> Problem statement
A line below contains "(* Let F be", and a later one contains "exists iff a-b". Repeat both, with every line between them, exactly.

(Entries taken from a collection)
== Segment start ==

(* Let $d\ge2$, $\alpha\in[0,1]$, $|\phi_+\rangle=d^{-1/2}\sum_{i=1}^d|i\rangle\otimes|i\rangle$, and $\rho=\alpha\,\mathbb I/d^2+(1-\alpha)|\phi_+\rangle\langle\phi_+|$ on $\mathbb C^d\otimes\mathbb C^d$. Let $p_n=\mathrm{Tr}[(\rho^{T_A})^n]$. Then $p_3<p_2^2$ if and only if $\rho^{T_A}$ has a negative eigenvalue (which happens exactly when $\alpha<d/(d+1)$).
   Context: The partial transpose on the first factor $A$ is defined in the computational product basis by $(|k_A,k_B\rangle\langle l_A,l_B|)^{T_A}=|l_A,k_B\rangle\langle k_A,l_B|$. *)

From mathcomp Require Import all_boot all_order all_algebra.
From mathcomp Require Import mxtens.
Set Implicit Arguments. Unset Strict Implicit. Unset Printing Implicit Defensive.
Import Order.TTheory GRing.Theory Num.Theory.
Local Open Scope ring_scope.

(* Scalars: any numerically closed field C (e.g. the complex numbers).
   The space C^d (x) C^d is indexed by 'I_(d*d) with the product basis
   |k_A,k_B> <-> mxtens_index (k_A, k_B). *)

Section Defs.
Variable C : numClosedFieldType.

(* partial transpose on the first factor:
   (|kA,kB><lA,lB|)^{T_A} = |lA,kB><kA,lB|, extended linearly, i.e.
   (M^{T_A})_{(kA,kB),(lA,lB)} = M_{(lA,kB),(kA,lB)}. *)
Definition ptA (d : nat) (M : 'M[C]_(d * d)) : 'M[C]_(d * d) :=
  \matrix_(i, j)
    M (mxtens_index ((mxtens_unindex j).1, (mxtens_unindex i).2))
      (mxtens_index ((mxtens_unindex i).1, (mxtens_unindex j).2)).

Definition phi_plus (d : nat) : 'cV[C]_(d * d) :=
  (sqrtC (d%:R : C))^-1 *: \sum_(i < d) delta_mx (mxtens_index (i, i)) 0.

Definition adjmx m n (A : 'M[C]_(m, n)) : 'M[C]_(n, m) := (map_mx Num.conj A)^T.

Definition rho_iso (d : nat) (alpha : C) : 'M[C]_(d * d) :=
  (alpha / (d%:R ^+ 2)) *: 1%:M
  + (1 - alpha) *: (phi_plus d *m adjmx (phi_plus d)).

Definition pmoment (d : nat) (alpha : C) (n : nat) : C :=
  \tr (ptA (rho_iso d alpha) ^+ n).

End Defs.

From mathcomp Require Import all_boot all_order all_algebra.
From mathcomp Require Import mxtens.
From mathcomp Require Import fingroup perm ring.
Import Order.TTheory GRing.Theory Num.Theory.
Local Open Scope ring_scope.

(* Let F be the swap operator |k,l> |-> |l,k> on C^d (x) C^d.
   The partial transpose of |phi_+><phi_+| is F/d, so the partially
   transposed isotropic state is a "Werner-type" matrix
     W(a,b) = a I + b F,   a = alpha/d^2,  b = (1-alpha)/d.
   Since F^2 = I, these matrices form a commutative algebra in which
   W(a,b) W(c,e) = W(ac+be, ae+bc) and Tr W(a,b) = a d^2 + b d.  Hence:
   - every eigenvalue of W(a,b) is a+b or a-b, and a-b is one when d >= 2
     (eigenvector |0,1> - |1,0>); as a+b > 0 here, a negative eigenvalue
     exists iff a-b < 0, i.e. iff alpha < d/(d+1);
   - under the normalisation Tr W = 1 the moments satisfy
     p_3 - p_2^2 = d^2 (d^2-1) (a+b) b^2 (a-b),
     whose sign is that of a-b when b > 0 (and it vanishes when b = 0). *)

Section SwapOperator.
Variable C : numClosedFieldType.
Variable d : nat.

Notation idx := (@mxtens_index d d).

Lemma idx_eq (p q : 'I_d * 'I_d) : (idx p == idx q) = (p == q).
Proof. exact: (inj_eq (can_inj (@mxtens_indexK d d))). Qed.

Definition swap_index (k : 'I_(d * d)) : 'I_(d * d) :=
  idx ((mxtens_unindex k).2, (mxtens_unindex k).1).

Lemma swap_indexK : involutive swap_index.
Proof.
by move=> k; rewrite /swap_index mxtens_indexK; exact: mxtens_unindexK.
Qed.

Lemma swap_index_idx p q : swap_index (idx (p, q)) = idx (q, p).
Proof. by rewrite /swap_index mxtens_indexK. Qed.

Definition swap_perm : 'S_(d * d) := perm (inv_inj swap_indexK).

Definition swap_mx : 'M[C]_(d * d) := perm_mx swap_perm.

Lemma swap_mxE i1 i2 j1 j2 :
  swap_mx (idx (i1, i2)) (idx (j1, j2)) = ((i2 == j1) && (i1 == j2))%:R.
Proof. by rewrite !mxE permE swap_index_idx idx_eq xpair_eqE. Qed.

Lemma swap_mx_invol : swap_mx *m swap_mx = 1%:M.
Proof.
rewrite -perm_mxM -perm_mx1; congr perm_mx.
by apply/permP => k; rewrite permM !permE swap_indexK.
Qed.

(* Only the d diagonal basis vectors |a,a> are fixed by the swap. *)
Lemma tr_swap_mx : \tr swap_mx = d%:R.
Proof.
rewrite /mxtrace (reindex idx) /=; last first.
  by exists (@mxtens_unindex d d) => k _;
    [rewrite mxtens_indexK | rewrite mxtens_unindexK].
have -> : \sum_j swap_mx (idx j) (idx j)
          = \sum_a \sum_b swap_mx (idx (a, b)) (idx (a, b)).
  by rewrite pair_big; apply: eq_bigr => -[a b].
transitivity (\sum_(a < d) (1 : C)); last by rewrite sumr_const card_ord.
apply: eq_bigr => a _; rewrite (bigD1 a) //= swap_mxE eqxx big1 ?addr0 //.
by move=> b /negbTE nba; rewrite swap_mxE nba.
Qed.

Lemma delta_swap_mx (k : 'I_(d * d)) :
  (delta_mx 0 k : 'rV[C]_(d * d)) *m swap_mx = delta_mx 0 (swap_index k).
Proof.
apply/matrixP => i j; rewrite !mxE (bigD1 k) //= big1 ?addr0.
  by rewrite !mxE !eqxx /= !ord1 eqxx /= mul1r permE eq_sym.
by move=> l nlk; rewrite !mxE (negbTE nlk) andbF mul0r.
Qed.

End SwapOperator.

Section WernerMatrices.
Variable C : numClosedFieldType.
Variable d : nat.

Notation idx := (@mxtens_index d d).
Notation D := (d%:R : C).

Definition werner (a b : C) : 'M[C]_(d * d) := a *: 1%:M + b *: swap_mx C d.

(* Since F^2 = I, the family is closed under products. *)
Lemma werner_mul (a b c e : C) :
  werner a b *m werner c e = werner (a * c + b * e) (a * e + b * c).
Proof.
rewrite /werner mulmxDl !mulmxDr -!scalemxAl -!scalemxAr !mul1mx !mulmx1.
rewrite swap_mx_invol !scalerA !scalerDl (mulrC b c) (mulrC b e).
by rewrite -!addrA; congr (_ + _); rewrite [RHS]addrC -addrA.
Qed.

Lemma tr_werner (a b : C) : \tr (werner a b) = a * (D * D) + b * D.
Proof. by rewrite mxtraceD !mxtraceZ mxtrace1 tr_swap_mx natrM. Qed.

(* A left eigenvector v of W(a,b) and vF span an F-stable plane on which
   W acts as [[a,b],[b,a]], so every eigenvalue is a+b or a-b. *)
Lemma werner_eigenvalue_cases (a b lam : C) :
  eigenvalue (werner a b) lam -> lam = a + b \/ lam = a - b.
Proof.
case/eigenvalueP => v Hv nv0.
have vF : b *: (v *m swap_mx C d) = (lam - a) *: v.
  by move: Hv; rewrite mulmxDr -!scalemxAr mulmx1 scalerBl => <-; rewrite addrC addKr.
have vFF : b *: v = (lam - a) *: (v *m swap_mx C d).
  by rewrite scalemxAl -vF -scalemxAl -mulmxA swap_mx_invol mulmx1.
have : ((lam - a) ^+ 2 - b ^+ 2) *: v = 0.
  by rewrite scalerBl !expr2 -!scalerA -vF vFF !scalerA mulrC subrr.
move/eqP; rewrite scaler_eq0 (negbTE nv0) orbF subr_sqr mulf_eq0.
rewrite subr_eq0 addr_eq0 !subr_eq.
by case/orP => /eqP ->; [left | right]; rewrite addrC.
Qed.

(* For d >= 2 the antisymmetric vector |0,1> - |1,0> has eigenvalue a-b. *)
Lemma werner_eigenvalue_sub (a b : C) :
  (2 <= d)%N -> eigenvalue (werner a b) (a - b).
Proof.
move=> d2; have d0 : (0 < d)%N by apply: leq_trans d2.
pose k01 := idx (Ordinal d0, Ordinal d2); pose k10 := idx (Ordinal d2, Ordinal d0).
apply/eigenvalueP; exists (delta_mx 0 k01 - delta_mx 0 k10).
  rewrite /werner mulmxDr -!scalemxAr mulmx1 mulmxBl !delta_swap_mx.
  rewrite !swap_index_idx -(opprB (delta_mx 0 k01)) scalerN.
  by rewrite scalerBl.
apply/eqP => /matrixP /(_ 0 k01); rewrite !mxE !eqxx /= idx_eq xpair_eqE /=.
by move/eqP; rewrite subr0 oner_eq0.
Qed.

Lemma werner_neg_eigenvalue (a b : C) :
  (2 <= d)%N -> 0 < a + b ->
  (exists2 lam : C, eigenvalue (werner a b) lam & lam < 0) <-> a - b < 0.
Proof.
move=> d2 ab0; split; last by exists (a - b) => //; exact: werner_eigenvalue_sub.
case=> lam /werner_eigenvalue_cases [] -> // lam0.
by have := lt_trans lam0 ab0; rewrite ltxx.
Qed.

Lemma werner_moment_gap (a b : C) :
  a * (D * D) + b * D = 1 ->
  \tr (werner a b ^+ 3) - \tr (werner a b ^+ 2) ^+ 2
    = (D * D * (D * D - 1) * (a + b) * b ^+ 2) * (a - b).
Proof.
move=> unit_tr.
rewrite exprS expr2 -!mulmxE !werner_mul !tr_werner.
by rewrite -[X in X - _ = _]mul1r -{1}unit_tr; ring.
Qed.

Lemma werner_moment_test (a b : C) :
  (2 <= d)%N -> a * (D * D) + b * D = 1 -> 0 <= a -> 0 <= b -> 0 < a + b ->
  \tr (werner a b ^+ 3) < \tr (werner a b ^+ 2) ^+ 2 <-> a - b < 0.
Proof.
move=> d2 unit_tr a0 b0 ab0; rewrite -subr_lt0 werner_moment_gap //.
have D0 : 0 < D by rewrite ltr0n (leq_trans _ d2).
have D21 : 0 < D * D - 1.
  by rewrite subr_gt0 -natrM ltr1n (leq_trans d2) // leq_pmull // ltnW.
move: b0; rewrite le0r => /predU1P [-> | bpos].
  rewrite expr0n mulr0 !mul0r subr0 ltxx.
  by split => // /(le_lt_trans a0); rewrite ltxx.
by rewrite pmulr_rlt0 // !mulr_gt0 // exprn_gt0.
Qed.

End WernerMatrices.

Section IsotropicState.
Variable C : numClosedFieldType.
Variable d : nat.

Notation idx := (@mxtens_index d d).
Notation D := (d%:R : C).

Lemma sum_diag_deltaE p q :
  (\sum_(i < d) delta_mx (idx (i, i)) 0 : 'cV[C]_(d * d)) (idx (p, q)) 0
    = (p == q)%:R.
Proof.
rewrite summxE; case: (eqVneq p q) => [<-|npq].
  rewrite (bigD1 p) //= mxE idx_eq eqxx /= big1 ?addr0 // => a nap.
  by rewrite mxE idx_eq xpair_eqE andbb eq_sym (negbTE nap).
rewrite big1 // => a _; rewrite mxE idx_eq xpair_eqE.
by case: (eqVneq p a) => [<-|] //=; rewrite eq_sym (negbTE npq).
Qed.

Lemma sqrtC_norm2_inv : (0 < d)%N -> (sqrtC D)^-1 * ((sqrtC D)^-1)^* = D^-1.
Proof.
move=> d0; rewrite conj_Creal; last first.
  by apply: ger0_real; rewrite invr_ge0 sqrtC_ge0 ler0n.
by rewrite -invrM ?unitfE ?sqrtC_eq0 ?pnatr_eq0 -?lt0n // -expr2 sqrtCK.
Qed.

Lemma ptA_rho_iso (alpha : C) : (0 < d)%N ->
  ptA (rho_iso d alpha) = werner C d (alpha / D ^+ 2) ((1 - alpha) / D).
Proof.
move=> d0; apply/matrixP => i j.
case: i / (mxtens_indexP i) => i1 i2; case: j / (mxtens_indexP j) => j1 j2.
rewrite /ptA /rho_iso /werner !mxE !mxtens_indexK /= big_ord1 !mxE.
rewrite permE swap_index_idx !idx_eq !xpair_eqE !sum_diag_deltaE rmorphM rmorph_nat.
rewrite mulrACA sqrtC_norm2_inv // -natrM mulnb (eq_sym j1 i1) (eq_sym j1 i2).
by rewrite mulrA.
Qed.

End IsotropicState.

Section Coefficients.
Variables (C : numClosedFieldType) (d : nat) (alpha : C).
Hypothesis d0 : (0 < d)%N.

Notation D := (d%:R : C).
Let a := alpha / D ^+ 2.
Let b := (1 - alpha) / D.

Let D0 : 0 < D. Proof. by rewrite ltr0n. Qed.

(* rho has unit trace, i.e. Tr W(a,b) = 1. *)
Lemma iso_coeff_trace : a * (D * D) + b * D = 1.
Proof. by rewrite /a /b; field; rewrite lt0r_neq0. Qed.

(* a+b is the eigenvalue of rho^{T_A} on symmetric vectors; it is positive. *)
Lemma iso_coeff_sum_pos : 0 <= alpha <= 1 -> 0 < a + b.
Proof.
case/andP=> a0 a1.
have -> : a + b = (alpha + D * (1 - alpha)) / (D * D).
  by rewrite /a /b; field; rewrite lt0r_neq0.
rewrite divr_gt0 ?mulr_gt0 //; apply: (lt_le_trans ltr01).
have one_split : alpha + (1 - alpha) = 1 by rewrite addrC subrK.
rewrite -[X in X <= _]one_split lerD2l.
by rewrite ler_peMl ?subr_ge0 // ler1n.
Qed.

Lemma iso_coeff_sub_neg : a - b < 0 <-> alpha < D / (D + 1).
Proof.
have scaled : (a - b) * (D * D) = alpha * (D + 1) - D.
  by rewrite /a /b; field; rewrite lt0r_neq0.
rewrite -(pmulr_llt0 (a - b) (mulr_gt0 D0 D0)) scaled subr_lt0.
by rewrite ltr_pdivlMr ?addr_gt0.
Qed.

End Coefficients.

Theorem mainTheorem5 (C : numClosedFieldType) (d : nat) (alpha : C) :
  (2 <= d)%N -> 0 <= alpha <= 1 ->
  (pmoment d alpha 3 < pmoment d alpha 2 ^+ 2 <->
     exists2 lam : C, eigenvalue (ptA (rho_iso d alpha)) lam & lam < 0)
  /\
  ((exists2 lam : C, eigenvalue (ptA (rho_iso d alpha)) lam & lam < 0) <->
     alpha < d%:R / (d%:R + 1)).
Proof.
move=> d2 alpha01; have d0 : (0 < d)%N by apply: leq_trans d2.
have /andP[alpha0 alpha1] := alpha01.
rewrite /pmoment ptA_rho_iso //.
have ab_pos := @iso_coeff_sum_pos C d alpha d0 alpha01.
have a_ge0 : 0 <= alpha / d%:R ^+ 2 by rewrite divr_ge0 ?exprn_ge0 ?ler0n.
have b_ge0 : 0 <= (1 - alpha) / d%:R by rewrite divr_ge0 ?subr_ge0 ?ler0n.
rewrite werner_neg_eigenvalue // werner_moment_test ?iso_coeff_trace //.
by rewrite iso_coeff_sub_neg.
Qed.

== Segment end ==

> Exercise result
(* Let F be the swap operator |k,l> |-> |l,k> on C^d (x) C^d.
   The partial transpose of |phi_+><phi_+| is F/d, so the partially
   transposed isotropic state is a "Werner-type" matrix
     W(a,b) = a I + b F,   a = alpha/d^2,  b = (1-alpha)/d.
   Since F^2 = I, these matrices form a commutative algebra in which
   W(a,b) W(c,e) = W(ac+be, ae+bc) and Tr W(a,b) = a d^2 + b d.  Hence:
   - every eigenvalue of W(a,b) is a+b or a-b, and a-b is one when d >= 2
     (eigenvector |0,1> - |1,0>); as a+b > 0 here, a negative eigenvalue
     exists iff a-b < 0, i.e. iff alpha < d/(d+1);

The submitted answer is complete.